TASK STATEMENT: In the listing below, locate the line that contains "by have := ltn_ord" and the line that contains "Lemma kn_net_interaction_depth n". Restate word for word those two lines and every line between them, and nothing else.

PROVIDED ENTRIES:

Lemma sandwichC_eq0 z w : 0 <= w ->
  (forall eps : R, 0 < eps -> 0 <= z + eps%:C * w /\ 0 <= eps%:C * w - z) ->
  z = 0.
Proof.
case: z w => zr zi [wr wi]; rewrite lecE /= => /andP[/eqP wi0 wr_ge0] zw_small.
have zw_small' eps : 0 < eps -> zi = 0 /\ `|zr| <= eps * wr.
  move=> /zw_small[]; rewrite !lecE /= wi0 !(mulr0, mul0r, addr0, add0r, subr0).
  move=> /andP[/eqP zi0 h1] /andP[_ h2]; split => //.
  by rewrite ler_norml; apply/andP; split; lra.
have [zi0 _] := zw_small' 1 ltr01; rewrite zi0; congr (_ +i* _).
apply/normr0_eq0/le_anti; rewrite normr_ge0 andbT.
apply/ler_addgt0Pr => y y_gt0; rewrite add0r.
have [wr0|wr_neq0] := eqVneq wr 0.
  have [_] := zw_small' 1 ltr01; rewrite wr0 mulr0 => /le_trans-> //.
  exact: ltW.
have wr_gt0 : 0 < wr by rewrite lt_neqAle eq_sym wr_neq0.
by have [_] := zw_small' _ (divr_gt0 y_gt0 wr_gt0); rewrite divfK.
Qed.

Lemma conj_comb_eq0 u v : (forall l : Cplx R, l * u + (l^*)%R * v = 0) ->
  u = 0 /\ v = 0.
Proof.
move=> comb; have /eqP := comb 1; rewrite conjC1 !mul1r addr_eq0 => /eqP u_eq.
have := comb 'i%R; rewrite conjCi {}u_eq mulrN mulNr -opprD => /eqP.
rewrite oppr_eq0 -mulr2n mulrn_eq0 /= mulf_eq0 (negbTE (neq0Ci _)) /= => /eqP->.
by rewrite oppr0.
Qed.
End ComplexOrder.

Section Sesquilinear.
Variables (R : realType) (A : tvsType R[i]) (phi : A -> A -> Cplx R).
Hypothesis phi_sesq : positive_sesquilinear phi.

Lemma sesq_ge0 x : 0 <= phi x x.
Proof. by case: phi_sesq => [_ [_]]. Qed.
Lemma angle_slack_ge0 a w e eta :
  0 <= e -> 0 <= eta -> e <= eta * (1 - e) ->
  - inner a w <= e * norm a * norm w ->
  0 <= eta * norm (a + w) ^+ 2 + 2 * inner a w.
Proof.
move=> e_ge0 eta_ge0 e_le; rewrite norm_sqrD.
have := norm_ge0 a; have := norm_ge0 w.
set A := norm a; set W := norm w; set c := inner a w => W_ge0 A_ge0 angle.
have amgm : 2 * A * W <= A ^+ 2 + W ^+ 2 by have := sqr_ge0 (A - W); nra.
have : 0 <= A * W * (eta * (1 - e) - e) by rewrite !mulr_ge0 // subr_ge0.
nra.
Qed.

Section ResidualDecomposition.
Variables x y p q : vec.

Lemma sub_residualE : x - y = (p - q) + ((x - p) - (y - q)).
Proof. by apply/ffunP => k; rewrite !ffunE; ring. Qed.

Lemma proj_sub_residualE : (p - x) - (q - y) = - ((x - p) - (y - q)).
Proof. by apply/ffunP => k; rewrite !ffunE; ring. Qed.

Lemma refl_sub_residualE :
  (rscale 2 p - x) - (rscale 2 q - y) = (p - q) - ((x - p) - (y - q)).
Proof. by rewrite !rscale2; apply/ffunP => k; rewrite !ffunE; ring. Qed.

End ResidualDecomposition.

Lemma residual_angle_afne A y U e eta :
  0 <= e -> 0 <= eta < 1 -> e <= eta * (1 - e) ->
  proj_residual_angle A y U e -> pt_almost_afne (proj A) y U (1 / 2) eta.
Proof.
move=> e_ge0 /andP[eta_ge0 eta_lt1] e_le angle.
split; first by apply/andP; split; lra.
split=> [|x p q Ux px qy]; first by rewrite eta_ge0.
have := angle_slack_ge0 e_ge0 eta_ge0 e_le (angle x p q Ux px qy).
have -> : (1 - 1 / 2) / (1 / 2) = 1 :> R by field.
rewrite (sub_residualE x y p q) (proj_sub_residualE x y p q) normN norm_sqrD; lra.
Qed.

Lemma residual_angle_refl A y U e eta :
  0 <= e -> 0 <= eta -> 2 * eta < 1 -> e <= eta * (1 - e) ->
  proj_residual_angle A y U e -> pt_almost_nonexp (refl A) y U (2 * eta).
Proof.
move=> e_ge0 eta_ge0 eta_lt e_le angle.
split; first by apply/andP; split; lra.
move=> x _ _ Ux [p [px ->]] [q [qy ->]].
have := angle_slack_ge0 e_ge0 eta_ge0 e_le (angle x p q Ux px qy).
rewrite refl_sub_residualE (sub_residualE x y p q).
set a := p - q; set w := x - p - (y - q) => slack.
rewrite -ler_sqr ?nnegrE ?mulr_ge0 ?sqrtr_ge0 ?norm_ge0 //.
rewrite exprMn (@sqr_sqrtr _ (1 + 2 * eta)); last lra.
move: slack; rewrite norm_sqrB norm_sqrD; lra.
Qed.

Lemma residual_angle0_afne A y U :
  proj_residual_angle A y U 0 -> pt_afne (proj A) y U (1 / 2).
Proof. by apply: residual_angle_afne; rewrite ?lexx ?ltr01 ?mul0r. Qed.

Lemma residual_angle0_refl A y U :
  proj_residual_angle A y U 0 -> pt_almost_nonexp (refl A) y U 0.
Proof.
move=> angle; rewrite -[0 : R](mulr0 2).
by apply: (residual_angle_refl _ _ _ _ angle); rewrite ?mulr0 ?mul0r ?lexx ?ltr01.
Qed.
Lemma oddeven_net_ok :
  (forall tI, tI \in I -> tI.1 <= D /\
     valid_interaction_layer (@K_edge n) (fun v : 'I_n => oddeven_net_pos s m v tI.1) tI.2) ->
  (forall u v : 'I_n, u < v -> exists2 tI, tI \in I & (u, v) \in tI.2) ->
  is_swap_network (@K_edge n) N.
Proof.
move=> layers_ok cover; split; [|split; [|split]].
- split=> [u v /= | v /=]; rewrite ?card_ord /oddeven_net_pos; last first.
    by case: ifP => lt_vm; [have := @oddeven_pos_lt m v 0 | ]; lia.
  move=> uv; apply: ord_inj; move: uv; have := ltn_ord u; have := ltn_ord v.
  case: ifP => lt_um; case: ifP => lt_vm; try lia.
  by move=> _ _ /addnI /oddeven_pos0_inj; apply.
- move=> L /mapP[t _ ->]; rewrite card_ord; split=> [i | i j].
    by rewrite mem_filter mem_iota; lia.
  by rewrite !mem_filter !mem_iota; lia.
- move=> tI tI_in; have [le_tD [edges U]] := layers_ok _ tI_in.
  split; first by rewrite size_map size_iota.
  split=> // p p_in; rewrite !config_at_oddeven_net //; exact: edges.
- move=> u v; rewrite /K_edge neq_ltn => /orP[] /cover[tI tI_in uv];
  by exists tI; rewrite // /interacts uv ?orbT.
Qed.

End OddEvenNet.

Definition kn_class n c (u v : 'I_n) : bool := (u < v) && small_multiple n (u + v + c).

Definition kn_layers n : seq (nat * seq ('I_n * 'I_n)) :=
  [seq (c.-1, matching_layer (@kn_class n c)) | c <- iota 0 n].

Definition kn_net n : swap_network 'I_n := oddeven_net 0 n (n - 2) (kn_layers n).

Lemma kn_net_ok n : 1 < n -> is_swap_network (@K_edge n) (kn_net n).
Proof.
move=> n_gt1; apply: oddeven_net_ok => //; first lia.
- move=> tI /mapP[c]; rewrite mem_iota => /andP[_ lt_cn] ->; split=> /=; first lia.
  apply: matching_layer_valid => [u v /andP[] // | u v /andP[lt_uv] | w x y].
  + rewrite /oddeven_net_pos !ltn_ord /=; have := ltn_ord u; have := ltn_ord v.
    case: c lt_cn => [|c] lt_cn Muv lt_un lt_vn.
      by apply: oddeven_pos_adjacent; rewrite ?neq_ltn ?lt_uv //; lia.
    by apply: oddeven_pos_adjacent_next; rewrite ?neq_ltn ?lt_uv -?addnS //; lia.
  + move=> wx wy; apply: ord_inj; move: wx wy; rewrite /kn_class /small_multiple.
    by have := ltn_ord w; have := ltn_ord x; have := ltn_ord y; lia.
- move=> u v lt_uv; have := ltn_ord u; have := ltn_ord v => lt_vn lt_un.
  pose c := if u + v <= n then n - (u + v) else n.*2 - (u + v).
  exists (c.-1, matching_layer (kn_class c)).
    by apply: map_f; rewrite mem_iota /c; case: ifP; lia.
  by rewrite mem_enum inE /= /kn_class lt_uv /small_multiple /c; case: ifP; lia.
Qed.

Lemma kn_net_swap_depth n : swap_depth (kn_net n) = n - 2.
Proof. by rewrite /swap_depth size_map size_iota. Qed.

Lemma kn_net_interaction_depth n : interaction_depth (kn_net n) = n.
Proof. by rewrite /interaction_depth size_map size_iota. Qed.

(* The parked vertex n - 1 meets the vertex at position 1, i.e. the u with
   2u + t = 0 (mod 2(n - 1)). *)
Definition kn_even_class n t (u v : 'I_n) : bool :=
  (u < v) && if v == n.-1 :> nat then (u.*2 + t == 0) || (u.*2 + t == (n.-1).*2)
             else small_multiple n.-1 (u + v + t).

Definition kn_even_layers n : seq (nat * seq ('I_n * 'I_n)) :=
  [seq (j.*2, matching_layer (@kn_even_class n j.*2)) | j <- iota 0 n.-1].

Definition kn_even_net n : swap_network 'I_n :=
  oddeven_net 1 n.-1 ((n.-1).*2 - 2) (kn_even_layers n).

Lemma small_multiple_even_shift m x : odd m -> 0 < x < m.*2 ->
  exists2 j, j < m & small_multiple m (x + j.*2).
Proof.
move=> odd_m /andP[x_gt0 lt_xm]; rewrite /small_multiple.
have := odd_double_half m; have := odd_double_half x; rewrite odd_m.
case: (odd x) => /= xE mE.
  case: (leqP x m) => le_xm.
    by exists (m./2 - x./2); lia.
  by exists (m./2 * 3 + 1 - x./2); lia.
by exists (m./2.*2 + 1 - x./2); lia.
Qed.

SOLUTION:
    by have := ltn_ord w; have := ltn_ord x; have := ltn_ord y; lia.
- move=> u v lt_uv; have := ltn_ord u; have := ltn_ord v => lt_vn lt_un.
  pose c := if u + v <= n then n - (u + v) else n.*2 - (u + v).
  exists (c.-1, matching_layer (kn_class c)).
    by apply: map_f; rewrite mem_iota /c; case: ifP; lia.
  by rewrite mem_enum inE /= /kn_class lt_uv /small_multiple /c; case: ifP; lia.
Qed.

Lemma kn_net_swap_depth n : swap_depth (kn_net n) = n - 2.
Proof. by rewrite /swap_depth size_map size_iota. Qed.

Lemma kn_net_interaction_depth n : interaction_depth (kn_net n) = n.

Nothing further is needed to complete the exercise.